Collected data entries:
----

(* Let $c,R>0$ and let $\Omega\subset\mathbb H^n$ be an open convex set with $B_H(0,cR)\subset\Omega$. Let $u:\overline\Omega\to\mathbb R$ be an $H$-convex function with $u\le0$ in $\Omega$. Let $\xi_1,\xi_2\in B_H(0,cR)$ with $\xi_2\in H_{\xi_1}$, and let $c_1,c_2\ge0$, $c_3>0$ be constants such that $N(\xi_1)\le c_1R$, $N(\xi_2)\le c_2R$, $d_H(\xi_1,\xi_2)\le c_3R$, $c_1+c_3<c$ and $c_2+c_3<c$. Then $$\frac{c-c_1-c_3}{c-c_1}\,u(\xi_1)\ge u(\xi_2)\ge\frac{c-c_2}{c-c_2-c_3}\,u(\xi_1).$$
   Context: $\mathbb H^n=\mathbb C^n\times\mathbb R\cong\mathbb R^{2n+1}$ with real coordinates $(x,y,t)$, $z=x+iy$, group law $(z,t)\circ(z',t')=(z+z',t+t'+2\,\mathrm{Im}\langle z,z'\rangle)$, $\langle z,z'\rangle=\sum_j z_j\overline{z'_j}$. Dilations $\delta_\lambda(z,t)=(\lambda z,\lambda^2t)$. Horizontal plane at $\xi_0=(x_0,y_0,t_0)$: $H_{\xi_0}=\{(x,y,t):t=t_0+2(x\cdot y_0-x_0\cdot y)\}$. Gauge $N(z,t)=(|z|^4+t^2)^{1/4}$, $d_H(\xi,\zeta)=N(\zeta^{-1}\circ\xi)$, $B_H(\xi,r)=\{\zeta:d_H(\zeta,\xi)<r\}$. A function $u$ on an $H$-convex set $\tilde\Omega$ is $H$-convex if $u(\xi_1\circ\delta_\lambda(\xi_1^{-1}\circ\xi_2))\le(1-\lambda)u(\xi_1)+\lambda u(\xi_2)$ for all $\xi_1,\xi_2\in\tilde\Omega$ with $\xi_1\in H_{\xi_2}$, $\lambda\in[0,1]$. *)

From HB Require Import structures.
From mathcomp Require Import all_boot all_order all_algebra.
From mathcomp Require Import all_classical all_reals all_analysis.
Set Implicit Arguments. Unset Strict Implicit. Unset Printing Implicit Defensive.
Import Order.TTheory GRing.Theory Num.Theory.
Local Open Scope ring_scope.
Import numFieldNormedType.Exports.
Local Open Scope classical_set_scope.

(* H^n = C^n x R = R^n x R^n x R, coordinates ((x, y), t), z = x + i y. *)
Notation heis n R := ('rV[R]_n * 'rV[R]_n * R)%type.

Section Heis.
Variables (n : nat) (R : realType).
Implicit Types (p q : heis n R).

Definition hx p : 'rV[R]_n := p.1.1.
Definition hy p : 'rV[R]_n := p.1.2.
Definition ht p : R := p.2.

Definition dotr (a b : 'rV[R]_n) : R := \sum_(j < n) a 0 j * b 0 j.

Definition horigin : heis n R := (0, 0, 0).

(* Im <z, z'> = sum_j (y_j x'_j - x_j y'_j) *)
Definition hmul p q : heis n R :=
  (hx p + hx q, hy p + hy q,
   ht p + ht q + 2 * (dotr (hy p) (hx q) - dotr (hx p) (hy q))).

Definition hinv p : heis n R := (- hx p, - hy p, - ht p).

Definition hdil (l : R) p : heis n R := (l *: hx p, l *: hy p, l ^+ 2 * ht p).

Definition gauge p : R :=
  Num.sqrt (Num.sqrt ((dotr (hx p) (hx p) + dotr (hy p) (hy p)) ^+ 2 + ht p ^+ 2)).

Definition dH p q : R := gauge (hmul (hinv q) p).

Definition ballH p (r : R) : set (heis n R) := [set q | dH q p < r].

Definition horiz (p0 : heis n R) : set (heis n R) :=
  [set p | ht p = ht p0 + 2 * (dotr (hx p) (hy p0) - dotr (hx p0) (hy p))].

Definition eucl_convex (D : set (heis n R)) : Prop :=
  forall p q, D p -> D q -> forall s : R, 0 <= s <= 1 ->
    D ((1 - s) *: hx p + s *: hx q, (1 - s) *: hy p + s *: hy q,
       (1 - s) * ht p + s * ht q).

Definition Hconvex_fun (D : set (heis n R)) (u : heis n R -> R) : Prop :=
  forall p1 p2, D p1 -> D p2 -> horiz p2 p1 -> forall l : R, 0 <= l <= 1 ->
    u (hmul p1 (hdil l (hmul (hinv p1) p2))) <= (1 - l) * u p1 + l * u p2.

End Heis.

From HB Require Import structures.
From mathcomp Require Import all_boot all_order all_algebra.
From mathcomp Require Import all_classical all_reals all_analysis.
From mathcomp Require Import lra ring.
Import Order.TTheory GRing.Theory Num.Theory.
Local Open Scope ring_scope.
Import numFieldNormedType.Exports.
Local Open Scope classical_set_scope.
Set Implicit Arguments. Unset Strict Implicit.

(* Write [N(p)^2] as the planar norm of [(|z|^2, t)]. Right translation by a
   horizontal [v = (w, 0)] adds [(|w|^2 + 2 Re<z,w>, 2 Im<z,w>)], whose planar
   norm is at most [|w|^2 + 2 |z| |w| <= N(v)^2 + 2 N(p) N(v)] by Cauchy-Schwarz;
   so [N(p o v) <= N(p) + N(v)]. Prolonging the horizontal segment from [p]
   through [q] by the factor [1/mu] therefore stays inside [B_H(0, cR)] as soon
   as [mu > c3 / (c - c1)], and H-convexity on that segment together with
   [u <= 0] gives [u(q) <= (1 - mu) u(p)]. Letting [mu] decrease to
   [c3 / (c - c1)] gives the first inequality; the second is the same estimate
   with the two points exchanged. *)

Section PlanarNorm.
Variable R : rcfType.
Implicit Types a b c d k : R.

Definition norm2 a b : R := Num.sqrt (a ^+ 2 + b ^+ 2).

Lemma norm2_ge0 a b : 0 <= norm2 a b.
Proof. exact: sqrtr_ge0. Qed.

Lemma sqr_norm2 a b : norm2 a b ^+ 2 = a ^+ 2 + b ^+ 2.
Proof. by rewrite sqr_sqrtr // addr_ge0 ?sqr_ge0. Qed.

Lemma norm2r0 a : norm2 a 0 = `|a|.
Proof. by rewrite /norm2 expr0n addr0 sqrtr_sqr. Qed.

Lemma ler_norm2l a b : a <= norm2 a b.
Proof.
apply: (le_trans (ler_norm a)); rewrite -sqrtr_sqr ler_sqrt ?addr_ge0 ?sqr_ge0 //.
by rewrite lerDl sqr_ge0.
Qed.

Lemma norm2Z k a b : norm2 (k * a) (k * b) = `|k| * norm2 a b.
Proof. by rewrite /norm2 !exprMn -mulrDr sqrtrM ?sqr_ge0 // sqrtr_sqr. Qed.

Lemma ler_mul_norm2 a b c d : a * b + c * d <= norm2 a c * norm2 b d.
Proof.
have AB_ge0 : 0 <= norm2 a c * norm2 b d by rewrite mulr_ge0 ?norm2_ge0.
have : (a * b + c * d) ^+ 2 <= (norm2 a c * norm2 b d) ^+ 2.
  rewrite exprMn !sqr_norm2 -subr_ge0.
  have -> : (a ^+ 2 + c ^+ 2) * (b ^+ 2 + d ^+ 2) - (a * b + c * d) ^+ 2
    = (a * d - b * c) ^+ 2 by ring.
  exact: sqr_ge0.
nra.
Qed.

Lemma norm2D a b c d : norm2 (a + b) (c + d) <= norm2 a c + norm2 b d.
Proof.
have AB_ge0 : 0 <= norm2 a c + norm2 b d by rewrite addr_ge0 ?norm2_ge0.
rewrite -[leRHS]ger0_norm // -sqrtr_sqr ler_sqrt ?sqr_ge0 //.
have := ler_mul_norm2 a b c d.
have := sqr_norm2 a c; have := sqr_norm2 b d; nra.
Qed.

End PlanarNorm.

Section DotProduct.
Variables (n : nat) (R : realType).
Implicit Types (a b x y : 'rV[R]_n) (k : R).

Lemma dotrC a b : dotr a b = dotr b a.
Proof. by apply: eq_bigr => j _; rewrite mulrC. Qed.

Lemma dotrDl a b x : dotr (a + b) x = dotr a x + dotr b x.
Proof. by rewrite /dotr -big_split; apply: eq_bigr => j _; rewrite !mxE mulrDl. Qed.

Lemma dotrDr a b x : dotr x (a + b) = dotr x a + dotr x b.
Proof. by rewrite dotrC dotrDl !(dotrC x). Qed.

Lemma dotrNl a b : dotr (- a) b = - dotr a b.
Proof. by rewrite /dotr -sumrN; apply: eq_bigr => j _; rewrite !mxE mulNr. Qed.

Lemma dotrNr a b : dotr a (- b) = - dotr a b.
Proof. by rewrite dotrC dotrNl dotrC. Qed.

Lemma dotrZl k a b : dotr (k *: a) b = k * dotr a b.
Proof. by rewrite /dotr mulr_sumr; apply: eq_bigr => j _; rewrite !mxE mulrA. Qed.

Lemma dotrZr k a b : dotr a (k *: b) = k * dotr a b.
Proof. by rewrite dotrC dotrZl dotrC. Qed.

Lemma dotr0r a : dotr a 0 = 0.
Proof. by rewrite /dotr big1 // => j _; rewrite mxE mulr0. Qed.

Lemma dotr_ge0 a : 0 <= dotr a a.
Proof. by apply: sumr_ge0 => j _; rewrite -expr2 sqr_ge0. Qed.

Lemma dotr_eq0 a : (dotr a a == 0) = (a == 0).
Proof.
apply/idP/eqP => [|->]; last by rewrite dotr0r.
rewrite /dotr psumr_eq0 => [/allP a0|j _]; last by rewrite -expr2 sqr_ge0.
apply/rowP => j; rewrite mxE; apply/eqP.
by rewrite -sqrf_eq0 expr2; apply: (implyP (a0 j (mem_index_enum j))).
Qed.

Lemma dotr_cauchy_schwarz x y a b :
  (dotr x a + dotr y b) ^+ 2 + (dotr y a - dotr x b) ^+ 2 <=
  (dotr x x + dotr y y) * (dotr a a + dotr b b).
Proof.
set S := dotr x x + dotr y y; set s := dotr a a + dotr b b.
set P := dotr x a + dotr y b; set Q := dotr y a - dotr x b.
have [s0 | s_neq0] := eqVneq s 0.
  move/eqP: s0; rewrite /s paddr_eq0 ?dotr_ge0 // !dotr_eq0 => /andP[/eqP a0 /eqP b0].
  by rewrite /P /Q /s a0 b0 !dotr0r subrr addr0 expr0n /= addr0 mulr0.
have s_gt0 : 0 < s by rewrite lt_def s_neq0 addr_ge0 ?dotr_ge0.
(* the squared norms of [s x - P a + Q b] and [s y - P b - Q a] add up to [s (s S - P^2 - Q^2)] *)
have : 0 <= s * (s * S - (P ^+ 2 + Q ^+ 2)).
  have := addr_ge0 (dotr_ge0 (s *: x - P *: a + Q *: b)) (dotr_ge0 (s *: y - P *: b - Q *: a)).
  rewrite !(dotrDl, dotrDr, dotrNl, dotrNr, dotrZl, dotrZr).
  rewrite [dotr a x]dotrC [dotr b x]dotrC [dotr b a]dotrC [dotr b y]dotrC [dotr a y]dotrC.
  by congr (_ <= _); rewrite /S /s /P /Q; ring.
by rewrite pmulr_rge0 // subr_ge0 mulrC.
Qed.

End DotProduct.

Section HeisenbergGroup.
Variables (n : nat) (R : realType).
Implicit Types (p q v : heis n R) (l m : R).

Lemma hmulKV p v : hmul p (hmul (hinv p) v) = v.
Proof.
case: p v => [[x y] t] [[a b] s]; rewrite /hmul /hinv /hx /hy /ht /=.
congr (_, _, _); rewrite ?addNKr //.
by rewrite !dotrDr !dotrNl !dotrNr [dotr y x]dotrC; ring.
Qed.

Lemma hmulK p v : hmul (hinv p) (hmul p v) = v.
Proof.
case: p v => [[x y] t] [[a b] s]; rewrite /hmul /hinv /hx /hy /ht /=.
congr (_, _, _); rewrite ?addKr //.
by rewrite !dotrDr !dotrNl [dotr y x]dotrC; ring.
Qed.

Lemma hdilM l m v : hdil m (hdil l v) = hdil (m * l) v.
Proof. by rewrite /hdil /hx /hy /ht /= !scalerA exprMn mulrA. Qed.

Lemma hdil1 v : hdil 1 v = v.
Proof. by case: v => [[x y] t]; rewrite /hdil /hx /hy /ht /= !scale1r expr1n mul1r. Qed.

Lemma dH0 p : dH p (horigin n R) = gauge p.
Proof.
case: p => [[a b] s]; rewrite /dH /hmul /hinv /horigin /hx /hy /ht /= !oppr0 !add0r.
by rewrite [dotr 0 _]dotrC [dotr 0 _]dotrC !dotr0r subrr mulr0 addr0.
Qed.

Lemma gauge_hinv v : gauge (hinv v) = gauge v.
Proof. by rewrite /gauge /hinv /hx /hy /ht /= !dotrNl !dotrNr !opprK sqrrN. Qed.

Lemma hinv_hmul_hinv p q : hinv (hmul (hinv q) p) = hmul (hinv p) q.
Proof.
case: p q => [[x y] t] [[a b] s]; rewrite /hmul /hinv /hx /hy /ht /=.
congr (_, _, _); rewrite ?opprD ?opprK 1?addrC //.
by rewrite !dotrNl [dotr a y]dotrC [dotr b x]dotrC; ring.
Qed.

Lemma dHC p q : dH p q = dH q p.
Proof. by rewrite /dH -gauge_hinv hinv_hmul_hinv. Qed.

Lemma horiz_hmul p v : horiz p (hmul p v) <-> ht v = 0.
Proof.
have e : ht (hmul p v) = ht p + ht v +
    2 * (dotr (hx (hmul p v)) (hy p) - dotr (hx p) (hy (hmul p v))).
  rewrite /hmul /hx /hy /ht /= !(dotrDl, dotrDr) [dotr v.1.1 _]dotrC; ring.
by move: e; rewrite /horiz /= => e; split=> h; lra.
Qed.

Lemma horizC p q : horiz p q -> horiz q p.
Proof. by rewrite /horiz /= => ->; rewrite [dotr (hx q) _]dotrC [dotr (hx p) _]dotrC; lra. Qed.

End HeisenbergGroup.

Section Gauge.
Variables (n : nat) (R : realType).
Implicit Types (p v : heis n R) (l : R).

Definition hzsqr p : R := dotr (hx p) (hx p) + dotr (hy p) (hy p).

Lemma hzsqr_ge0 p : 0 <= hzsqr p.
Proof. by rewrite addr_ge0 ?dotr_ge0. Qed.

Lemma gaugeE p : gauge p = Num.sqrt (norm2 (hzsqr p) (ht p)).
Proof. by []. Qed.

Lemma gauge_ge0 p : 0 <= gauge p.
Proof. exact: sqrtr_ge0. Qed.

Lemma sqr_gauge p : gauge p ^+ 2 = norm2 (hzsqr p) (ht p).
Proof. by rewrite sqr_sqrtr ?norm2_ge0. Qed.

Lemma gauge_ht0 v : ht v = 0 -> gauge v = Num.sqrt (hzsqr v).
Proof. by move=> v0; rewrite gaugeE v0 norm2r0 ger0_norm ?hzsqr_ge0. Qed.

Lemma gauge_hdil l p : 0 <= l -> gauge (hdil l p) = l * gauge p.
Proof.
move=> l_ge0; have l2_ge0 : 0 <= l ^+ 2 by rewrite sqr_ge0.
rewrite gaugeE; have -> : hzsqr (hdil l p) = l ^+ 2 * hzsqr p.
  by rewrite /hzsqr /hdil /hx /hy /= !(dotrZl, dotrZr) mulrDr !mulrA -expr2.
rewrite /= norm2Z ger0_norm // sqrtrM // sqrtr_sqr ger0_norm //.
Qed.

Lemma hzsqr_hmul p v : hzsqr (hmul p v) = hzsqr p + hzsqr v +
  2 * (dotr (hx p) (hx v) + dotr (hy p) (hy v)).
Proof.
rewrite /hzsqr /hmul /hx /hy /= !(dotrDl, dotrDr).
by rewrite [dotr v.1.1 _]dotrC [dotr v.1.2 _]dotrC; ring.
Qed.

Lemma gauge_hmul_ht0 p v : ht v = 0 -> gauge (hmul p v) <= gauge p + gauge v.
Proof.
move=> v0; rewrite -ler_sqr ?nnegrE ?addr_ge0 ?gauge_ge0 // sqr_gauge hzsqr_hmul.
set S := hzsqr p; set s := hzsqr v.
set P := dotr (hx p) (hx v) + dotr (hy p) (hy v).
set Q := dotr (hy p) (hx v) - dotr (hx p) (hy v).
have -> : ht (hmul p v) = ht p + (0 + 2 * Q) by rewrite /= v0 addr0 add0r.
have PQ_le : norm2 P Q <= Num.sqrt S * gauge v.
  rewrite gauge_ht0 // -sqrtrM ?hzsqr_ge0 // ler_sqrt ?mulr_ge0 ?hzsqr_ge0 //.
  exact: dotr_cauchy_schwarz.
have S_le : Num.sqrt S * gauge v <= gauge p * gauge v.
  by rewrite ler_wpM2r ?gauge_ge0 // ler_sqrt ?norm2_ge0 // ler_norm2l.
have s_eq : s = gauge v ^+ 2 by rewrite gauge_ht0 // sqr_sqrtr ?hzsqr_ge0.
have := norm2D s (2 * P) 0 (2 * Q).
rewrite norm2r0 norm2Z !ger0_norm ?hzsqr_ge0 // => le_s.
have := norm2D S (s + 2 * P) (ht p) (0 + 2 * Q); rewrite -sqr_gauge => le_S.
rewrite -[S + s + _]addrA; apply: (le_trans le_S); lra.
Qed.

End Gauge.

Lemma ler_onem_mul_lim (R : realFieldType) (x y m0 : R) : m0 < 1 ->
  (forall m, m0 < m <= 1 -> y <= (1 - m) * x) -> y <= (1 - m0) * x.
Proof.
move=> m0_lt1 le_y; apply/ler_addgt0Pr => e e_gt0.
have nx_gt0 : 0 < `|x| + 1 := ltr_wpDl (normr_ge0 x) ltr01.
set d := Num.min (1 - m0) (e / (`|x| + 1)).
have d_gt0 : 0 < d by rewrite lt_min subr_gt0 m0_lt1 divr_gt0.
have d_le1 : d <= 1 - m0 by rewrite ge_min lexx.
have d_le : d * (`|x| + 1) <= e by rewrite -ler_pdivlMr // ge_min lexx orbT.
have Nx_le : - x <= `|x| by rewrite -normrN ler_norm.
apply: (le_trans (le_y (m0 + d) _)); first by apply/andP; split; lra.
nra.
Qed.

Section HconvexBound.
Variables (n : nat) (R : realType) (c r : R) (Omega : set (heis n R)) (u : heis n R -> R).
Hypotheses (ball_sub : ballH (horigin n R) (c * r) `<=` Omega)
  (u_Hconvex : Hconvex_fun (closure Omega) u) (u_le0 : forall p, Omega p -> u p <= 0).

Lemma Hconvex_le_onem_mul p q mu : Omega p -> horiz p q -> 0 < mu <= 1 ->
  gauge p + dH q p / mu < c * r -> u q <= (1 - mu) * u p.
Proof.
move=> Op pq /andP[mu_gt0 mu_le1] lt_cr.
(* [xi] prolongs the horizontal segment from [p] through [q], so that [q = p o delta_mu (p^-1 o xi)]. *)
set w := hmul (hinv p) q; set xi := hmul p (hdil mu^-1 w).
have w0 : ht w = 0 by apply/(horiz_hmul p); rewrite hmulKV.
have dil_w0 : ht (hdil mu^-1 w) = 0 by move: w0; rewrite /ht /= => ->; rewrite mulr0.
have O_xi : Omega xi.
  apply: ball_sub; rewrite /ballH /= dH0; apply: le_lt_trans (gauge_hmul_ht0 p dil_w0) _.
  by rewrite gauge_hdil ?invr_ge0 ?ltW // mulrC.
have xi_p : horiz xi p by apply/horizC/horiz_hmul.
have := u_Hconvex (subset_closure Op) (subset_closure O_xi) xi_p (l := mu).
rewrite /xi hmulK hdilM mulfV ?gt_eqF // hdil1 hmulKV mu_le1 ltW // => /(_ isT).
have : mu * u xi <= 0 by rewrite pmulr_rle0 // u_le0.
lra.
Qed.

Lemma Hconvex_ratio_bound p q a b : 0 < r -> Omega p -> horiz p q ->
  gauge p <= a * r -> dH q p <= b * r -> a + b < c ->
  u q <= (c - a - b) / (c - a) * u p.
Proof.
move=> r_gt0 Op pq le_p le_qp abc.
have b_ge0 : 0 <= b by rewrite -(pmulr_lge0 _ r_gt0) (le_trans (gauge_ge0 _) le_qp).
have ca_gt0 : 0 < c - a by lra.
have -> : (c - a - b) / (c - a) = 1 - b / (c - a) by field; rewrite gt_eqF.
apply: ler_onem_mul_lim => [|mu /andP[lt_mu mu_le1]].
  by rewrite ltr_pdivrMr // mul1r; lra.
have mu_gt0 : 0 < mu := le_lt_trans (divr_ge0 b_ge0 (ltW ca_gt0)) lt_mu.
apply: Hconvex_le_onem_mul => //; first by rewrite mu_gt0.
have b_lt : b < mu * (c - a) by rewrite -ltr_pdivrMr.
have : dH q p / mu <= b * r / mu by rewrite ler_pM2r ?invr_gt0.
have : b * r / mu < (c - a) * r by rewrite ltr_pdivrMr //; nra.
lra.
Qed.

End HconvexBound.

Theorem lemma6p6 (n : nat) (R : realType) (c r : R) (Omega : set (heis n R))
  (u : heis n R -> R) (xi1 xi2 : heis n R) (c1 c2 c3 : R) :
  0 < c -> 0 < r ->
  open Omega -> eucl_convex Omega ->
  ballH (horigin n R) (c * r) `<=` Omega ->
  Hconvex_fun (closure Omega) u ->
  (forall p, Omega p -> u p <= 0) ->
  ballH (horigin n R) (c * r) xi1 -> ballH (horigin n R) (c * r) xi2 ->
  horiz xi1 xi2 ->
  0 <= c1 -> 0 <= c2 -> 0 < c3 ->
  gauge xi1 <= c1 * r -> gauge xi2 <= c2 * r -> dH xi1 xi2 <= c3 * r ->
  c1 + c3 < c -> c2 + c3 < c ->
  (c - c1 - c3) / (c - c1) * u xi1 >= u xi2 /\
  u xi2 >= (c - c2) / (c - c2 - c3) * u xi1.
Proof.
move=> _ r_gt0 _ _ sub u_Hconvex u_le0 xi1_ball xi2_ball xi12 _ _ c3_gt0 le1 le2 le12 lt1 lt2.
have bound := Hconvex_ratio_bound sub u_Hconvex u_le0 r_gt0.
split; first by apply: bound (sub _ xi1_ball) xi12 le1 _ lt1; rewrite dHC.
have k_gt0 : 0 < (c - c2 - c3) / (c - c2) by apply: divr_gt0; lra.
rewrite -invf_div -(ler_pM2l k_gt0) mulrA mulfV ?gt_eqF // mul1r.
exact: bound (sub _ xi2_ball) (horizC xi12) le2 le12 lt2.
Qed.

----

Problem details:
Pick every line of the data that includes the string "sqrtrM".

Response:
Proof. by rewrite /norm2 !exprMn -mulrDr sqrtrM ?sqr_ge0 // sqrtr_sqr. Qed.
rewrite /= norm2Z ger0_norm // sqrtrM // sqrtr_sqr ger0_norm //.
  rewrite gauge_ht0 // -sqrtrM ?hzsqr_ge0 // ler_sqrt ?mulr_ge0 ?hzsqr_ge0 //.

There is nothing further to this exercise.